2017 yılında İstanbul Üniversitesi’nde kurulan Türkiye’nin ilk arttırılmış ve karma gerçeklik laboratuvarı Medikal Hologram Projesi, uygulamaları uzaktan eğitim sistemine entegre ederek eğitimi bir üst aşamaya taşıdı. Hologram hastalar ve öğrenciler, projede 2018 senesinde ilk defa sanal ortamda eğitime başladı.

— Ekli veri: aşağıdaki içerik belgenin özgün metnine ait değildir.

(* Let $N,n,m,p$ be positive integers, $A\in\mathbb{R}^{n\times n}$, $B\in\mathbb{R}^{n\times p}$, $C\in\mathbb{R}^{m\times n}$, $H\in\mathbb{R}^{n\times m}$, $W=[w_{ij}]\in\mathbb{R}^{N\times N}$ with $w_{ii}=0$ for all $i$, $\Delta=\mathrm{diag}(\delta_1,\dots,\delta_N)$ with $\delta_i\in\{0,1\}$, and $h>0$. Put $\mathcal{B}(h)=\int_0^h e^{A\tau}d\tau\,B$, $\mathcal{H}(h)=\int_0^h e^{A\tau}d\tau\,HC$, $\Phi_s=I_N\otimes e^{Ah}+W\otimes\mathcal{H}(h)$, $\Psi_s=\Delta\otimes\mathcal{B}(h)$. Let $\sigma(W)=\{\lambda_1,\dots,\lambda_r\}$ be the distinct eigenvalues of $W$ and $E_i=e^{Ah}+\lambda_i\mathcal{H}(h)$, and assume $0\notin\sigma(E_i)$ for every $i=1,\dots,r$. If the networked sampled-data system $X(k+1)=\Phi_sX(k)+\Psi_sU(k)$ is controllable, then the pair $(W,\Delta)$ is controllable and the pair $(E_i,\mathcal{B}(h))$ is controllable for every $i=1,\dots,r$.
   Context: The networked sampled-data system is the discrete-time system $X(k+1)=\Phi_sX(k)+\Psi_sU(k)$; it is called controllable if every initial state can be steered to the origin in finitely many steps. For $F\in\mathbb{C}^{q\times q}$, $G\in\mathbb{C}^{q\times s}$, the pair $(F,G)$ is called controllable if $\mathrm{rank}[sI_q-F,\ G]=q$ for every $s\in\mathbb{C}$. $\sigma(\cdot)$ denotes the set of eigenvalues and $\otimes$ the Kronecker product. *)

From HB Require Import structures.
From mathcomp Require Import all_boot all_order all_algebra.
From mathcomp Require Import all_classical all_reals all_analysis.
From mathcomp Require Import complex mxtens.

Set Implicit Arguments.
Unset Strict Implicit.
Unset Printing Implicit Defensive.

Import Order.TTheory GRing.Theory Num.Theory.
Import numFieldNormedType.Exports.
Local Open Scope classical_set_scope.
Local Open Scope ring_scope.

Section Defs.
Variable R : realType.

Definition expmx (n : nat) (A : 'M[R]_n) (t : R) : 'M[R]_n :=
  \matrix_(i, j) limn (series (fun k : nat => (A ^+ k) i j * t ^+ k / (k`!)%:R)).

(* int_0^h e^{A tau} d tau, entrywise Lebesgue (= Riemann) integral on [0,h]. *)
Definition int_expmx (n : nat) (A : 'M[R]_n) (h : R) : 'M[R]_n :=
  \matrix_(i, j) (\int[lebesgue_measure]_(tau in `[0, h]) (expmx A tau i j)).

Definition Bh (n p : nat) (A : 'M[R]_n) (B : 'M[R]_(n, p)) (h : R) :
  'M[R]_(n, p) := int_expmx A h *m B.

Definition Hh (n m : nat) (A : 'M[R]_n) (H : 'M[R]_(n, m)) (C : 'M[R]_(m, n))
  (h : R) : 'M[R]_n := int_expmx A h *m H *m C.

Definition Phi_s (N n m : nat) (A : 'M[R]_n) (H : 'M[R]_(n, m))
  (C : 'M[R]_(m, n)) (W : 'M[R]_N) (h : R) : 'M[R]_(N * n) :=
  (1%:M : 'M[R]_N) *t expmx A h + W *t Hh A H C h.

Definition Psi_s (N n p : nat) (A : 'M[R]_n) (B : 'M[R]_(n, p))
  (Delta : 'M[R]_N) (h : R) : 'M[R]_(N * n, N * p) :=
  Delta *t Bh A B h.

Fixpoint dt_traj (q r : nat) (Phi : 'M[R]_q) (Psi : 'M[R]_(q, r))
  (X0 : 'cV[R]_q) (U : nat -> 'cV[R]_r) (k : nat) : 'cV[R]_q :=
  match k with
  | 0 => X0
  | k'.+1 => Phi *m dt_traj Phi Psi X0 U k' + Psi *m U k'
  end.

Definition dt_controllable (q r : nat) (Phi : 'M[R]_q) (Psi : 'M[R]_(q, r)) :=
  forall X0 : 'cV[R]_q, exists (k : nat) (U : nat -> 'cV[R]_r),
    dt_traj Phi Psi X0 U k = 0.

Definition cmx (a b : nat) (M : 'M[R]_(a, b)) : 'M[R[i]]_(a, b) :=
  map_mx (fun x : R => (x%:C)%C) M.

End Defs.

Definition ctrb_pair (K : fieldType) (q s : nat) (F : 'M[K]_q) (G : 'M[K]_(q, s)) :=
  forall z : K, \rank (row_mx (z%:M - F) G) = q.

From HB Require Import structures.
From mathcomp Require Import all_boot all_order all_algebra.
From mathcomp Require Import all_classical all_reals all_analysis.
From mathcomp Require Import complex mxtens spectral.

(* Popov-Belevitch-Hautus argument. If (W, Delta) or (E_lam, B(h)) failed the
   rank test, there would be nonzero left eigenvectors w W = lam w and
   v E_lam = mu v (over C, E_lam always has one) with w Delta = 0 or
   v B(h) = 0. Then w (x) v is a left
   eigenvector of Phi_s for mu, annihilated by Psi_s, and mu != 0 because
   E_lam is invertible. Along any trajectory, (w (x) v) X(k) = mu^k (w (x) v) X(0),
   so no initial state outside the kernel of w (x) v can be steered to 0. *)

Import Order.TTheory GRing.Theory Num.Theory.
Local Open Scope ring_scope.
Set Implicit Arguments.
Unset Strict Implicit.

Lemma ctrb_pair_left_eigen (K : fieldType) q s (F : 'M[K]_q) (G : 'M[K]_(q, s)) :
  (forall (z : K) (v : 'rV_q), v *m F = z *: v -> v *m G = 0 -> v = 0) ->
  ctrb_pair F G.
Proof.
move=> left_eigen_eq0 z; apply/eqP/inj_row_free => v.
rewrite mul_mx_row -row_mx0 => /eq_row_mx [/eqP vF vG].
apply: left_eigen_eq0 vG.
by move: vF; rewrite mulmxBr mul_mx_scalar subr_eq0 => /eqP <-.
Qed.

Section Kronecker.
Variable K : comPzRingType.

Lemma tensmxDr a b c d (A : 'M[K]_(a, b)) (B D : 'M[K]_(c, d)) :
  A *t (B + D) = A *t B + A *t D.
Proof. by apply/matrixP => i j; rewrite !mxE mulrDr. Qed.

Lemma tensmxZl a b c d (k : K) (A : 'M[K]_(a, b)) (D : 'M[K]_(c, d)) :
  (k *: A) *t D = k *: (A *t D).
Proof. by apply/matrixP => i j; rewrite !mxE -mulrA. Qed.

Lemma tensmxZr a b c d (k : K) (A : 'M[K]_(a, b)) (D : 'M[K]_(c, d)) :
  A *t (k *: D) = k *: (A *t D).
Proof. by apply/matrixP => i j; rewrite !mxE mulrCA. Qed.

Lemma tensmx_left_eigen N n (W : 'M[K]_N) (E F : 'M[K]_n)
    (w : 'rV_N) (v : 'rV_n) (lam mu : K) :
  w *m W = lam *: w -> v *m (E + lam *: F) = mu *: v ->
  (w *t v) *m (1%:M *t E + W *t F) = mu *: (w *t v).
Proof.
move=> wW vE; rewrite mulmxDr !tensmx_mul mulmx1 wW tensmxZl -tensmxZr.
by rewrite -tensmxDr scalemxAr -mulmxDr vE tensmxZr.
Qed.

End Kronecker.

Lemma tensmx_eq0 (K : idomainType) a b c d (A : 'M[K]_(a, b)) (D : 'M[K]_(c, d)) :
  (A *t D == 0) = (A == 0) || (D == 0).
Proof.
have [->|/matrix0Pn [i [j Aij]]] := eqVneq A 0; first by rewrite tens0mx eqxx.
have [->|/matrix0Pn [k [l Dkl]]] := eqVneq D 0; first by rewrite tensmx0 eqxx.
apply/negP => /eqP /matrixP /(_ (mxtens_index (i, k)) (mxtens_index (j, l))).
by rewrite tensmxE mxE => /eqP; rewrite mulf_eq0 (negbTE Aij) (negbTE Dkl).
Qed.

Section DiscreteTime.
Variable R : realType.

Lemma cmxE a b (M : 'M[R]_(a, b)) : cmx M = map_mx (real_complex R) M.
Proof. by []. Qed.

Lemma dt_traj_left_eigen q r (Phi : 'M[R]_q) (Psi : 'M[R]_(q, r))
    k (x : 'M[R[i]]_(k, q)) (mu : R[i]) X0 U t :
  x *m cmx Phi = mu *: x -> x *m cmx Psi = 0 ->
  x *m cmx (dt_traj Phi Psi X0 U t) = mu ^+ t *: (x *m cmx X0).
Proof.
move=> xPhi xPsi; elim: t => [|t IHt] /=; first by rewrite expr0 scale1r.
rewrite !cmxE map_mxD !map_mxM mulmxDr !mulmxA -!cmxE xPhi xPsi mul0mx addr0.
by rewrite -scalemxAl IHt scalerA exprSr mulrC.
Qed.

Lemma dt_controllable_left_eigen_eq0 q r (Phi : 'M[R]_q) (Psi : 'M[R]_(q, r))
    k (x : 'M[R[i]]_(k, q)) (mu : R[i]) :
  dt_controllable Phi Psi -> mu != 0 ->
  x *m cmx Phi = mu *: x -> x *m cmx Psi = 0 -> x = 0.
Proof.
move=> ctrl mu_neq0 xPhi xPsi; apply/matrixP => i j; rewrite mxE.
have [t [U traj0]] := ctrl (delta_mx j 0).
have := dt_traj_left_eigen (delta_mx j 0) U t xPhi xPsi.
rewrite traj0 cmxE map_mx0 mulmx0 cmxE map_delta_mx -colE => /esym/eqP.
rewrite scalemx_eq0 expf_eq0 (negbTE mu_neq0) andbF => /eqP/matrixP/(_ i 0).
by rewrite !mxE.
Qed.

Lemma network_left_eigen_eq0 N n m p
    (A : 'M[R]_n) (B : 'M[R]_(n, p)) (C : 'M[R]_(m, n)) (H : 'M[R]_(n, m))
    (W Delta : 'M[R]_N) (h : R) (lam mu : R[i]) (w : 'rV_N) (v : 'rV_n) :
  dt_controllable (Phi_s A H C W h) (Psi_s A B Delta h) -> mu != 0 ->
  w *m cmx W = lam *: w ->
  v *m (cmx (expmx A h) + lam *: cmx (Hh A H C h)) = mu *: v ->
  w *m cmx Delta = 0 \/ v *m cmx (Bh A B h) = 0 ->
  w = 0 \/ v = 0.
Proof.
move=> ctrl mu_neq0 wW vE input0.
suff /eqP : w *t v = 0 by rewrite tensmx_eq0 => /orP [] /eqP; [left | right].
apply: (dt_controllable_left_eigen_eq0 ctrl mu_neq0).
  rewrite /Phi_s cmxE map_mxD !map_mxT map_mx1 -!cmxE.
  exact: tensmx_left_eigen wW vE.
rewrite /Psi_s cmxE map_mxT -!cmxE tensmx_mul.
by case: input0 => ->; rewrite ?tens0mx ?tensmx0.
Qed.

End DiscreteTime.

Theorem corollary2 (R : realType) (N n m p : nat)
  (A : 'M[R]_n) (B : 'M[R]_(n, p)) (C : 'M[R]_(m, n)) (H : 'M[R]_(n, m))
  (W : 'M[R]_N) (delta : 'rV[R]_N) (h : R) :
  (0 < N)%N -> (0 < n)%N -> (0 < m)%N -> (0 < p)%N ->
  (forall i : 'I_N, W i i = 0) ->
  (forall i : 'I_N, delta 0 i = 0 \/ delta 0 i = 1) ->
  0 < h ->
  (forall lam : R[i], eigenvalue (cmx W) lam ->
     ~ eigenvalue (cmx (expmx A h) + lam *: cmx (Hh A H C h)) 0) ->
  dt_controllable (Phi_s A H C W h) (Psi_s A B (diag_mx delta) h) ->
  ctrb_pair (cmx W) (cmx (diag_mx delta)) /\
  (forall lam : R[i], eigenvalue (cmx W) lam ->
     ctrb_pair (cmx (expmx A h) + lam *: cmx (Hh A H C h)) (cmx (Bh A B h))).
Proof.
move=> _ n_gt0 _ _ _ _ _ E_invertible ctrl.
have eigen_neq0 (lam mu : R[i]) (v : 'rV_n) : eigenvalue (cmx W) lam -> v != 0 ->
    v *m (cmx (expmx A h) + lam *: cmx (Hh A H C h)) = mu *: v -> mu != 0.
  move=> Wlam v_neq0 vE; apply: contra_notN (E_invertible lam Wlam) => /eqP mu0.
  by apply/eigenvalueP; exists v; rewrite // -mu0.
split.
  apply: ctrb_pair_left_eigen => z w wW wDelta.
  have [//|w_neq0] := eqVneq w 0.
  have Wz : eigenvalue (cmx W) z by apply/eigenvalueP; exists w.
  have [mu /eigenvalueP [v vE v_neq0]] := eigenvalue_closed
    (cmx (expmx A h) + z *: cmx (Hh A H C h)) n_gt0.
  have [//|v0] := network_left_eigen_eq0 ctrl (eigen_neq0 _ _ _ Wz v_neq0 vE)
    wW vE (or_introl wDelta).
  by rewrite v0 eqxx in v_neq0.
move=> lam Wlam; apply: ctrb_pair_left_eigen => z v vE vB.
have [//|v_neq0] := eqVneq v 0.
have [w wW w_neq0] := eigenvalueP Wlam.
have [w0|//] := network_left_eigen_eq0 ctrl (eigen_neq0 _ _ _ Wlam v_neq0 vE)
  wW vE (or_intror vB).
by rewrite w0 eqxx in w_neq0.
Qed.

Öğrenciler, özel olarak tasarlanmış program ile birlikte ilk olarak holografik hastaları muayene ve tedavi ederek tecrübeleniyor. 2017 senesinde sunduğu fikir ile TÜBİTAK ödülünü kazanan İstanbul Tıp Fakültesi Çocuk Cerrahisi Bölümü Araştırma Görevlisi Dr. Mürsel Haspulat sayesinde proje dünya genelinde ilk Türkiye’de uygulanmaya başlandı.
Medikal Hologram Projesi ile Kadavra Uygulaması Tarihe Karışabilir
Uygulamaya ilişkin açıklamalarda bulunan İstanbul Üniversitesi Tıp Fakültesi Çocuk Cerrahisi Bölümü Arş. Gör. Dr. Mürsel Haspulat, “Medikal Hologram Projesi fikir olarak ilk kez 2016 yılında mayalandı. Tıp öğrencilerinin mezun olduktan sonraki anketlerine baktık, yüzde 50-60 oranında kendilerini yetersiz hissettiklerini gördük. Devamında Türkiye’ye ilk gelen arttırılmış gerçeklik gözlüklerinden biriydi bu, ne yapabiliriz diye düşününce kadavraları ve hastaları holografik olarak oluşturalım ve tıp öğrencileri bunların üzerinde deneyim kazansın diye düşündük. Çünkü tıp kontenjanları artıyor, her derse katılamıyor, yetersiz kalıyorlardı. Bu şekilde yapınca hem katman katman hastaları görmeye ve kadavraları birebir deneyimlemeye başladılar. Böylece daha iyi öğrendiklerini gördük. Dünyada ilk kez eğitime Çapa Tıp Fakültesinde almış olduk. Hatta buradaki artırılmış gerçeklik laboratuvarı da Türkiye’de ilk” açıklamalarını yaptı.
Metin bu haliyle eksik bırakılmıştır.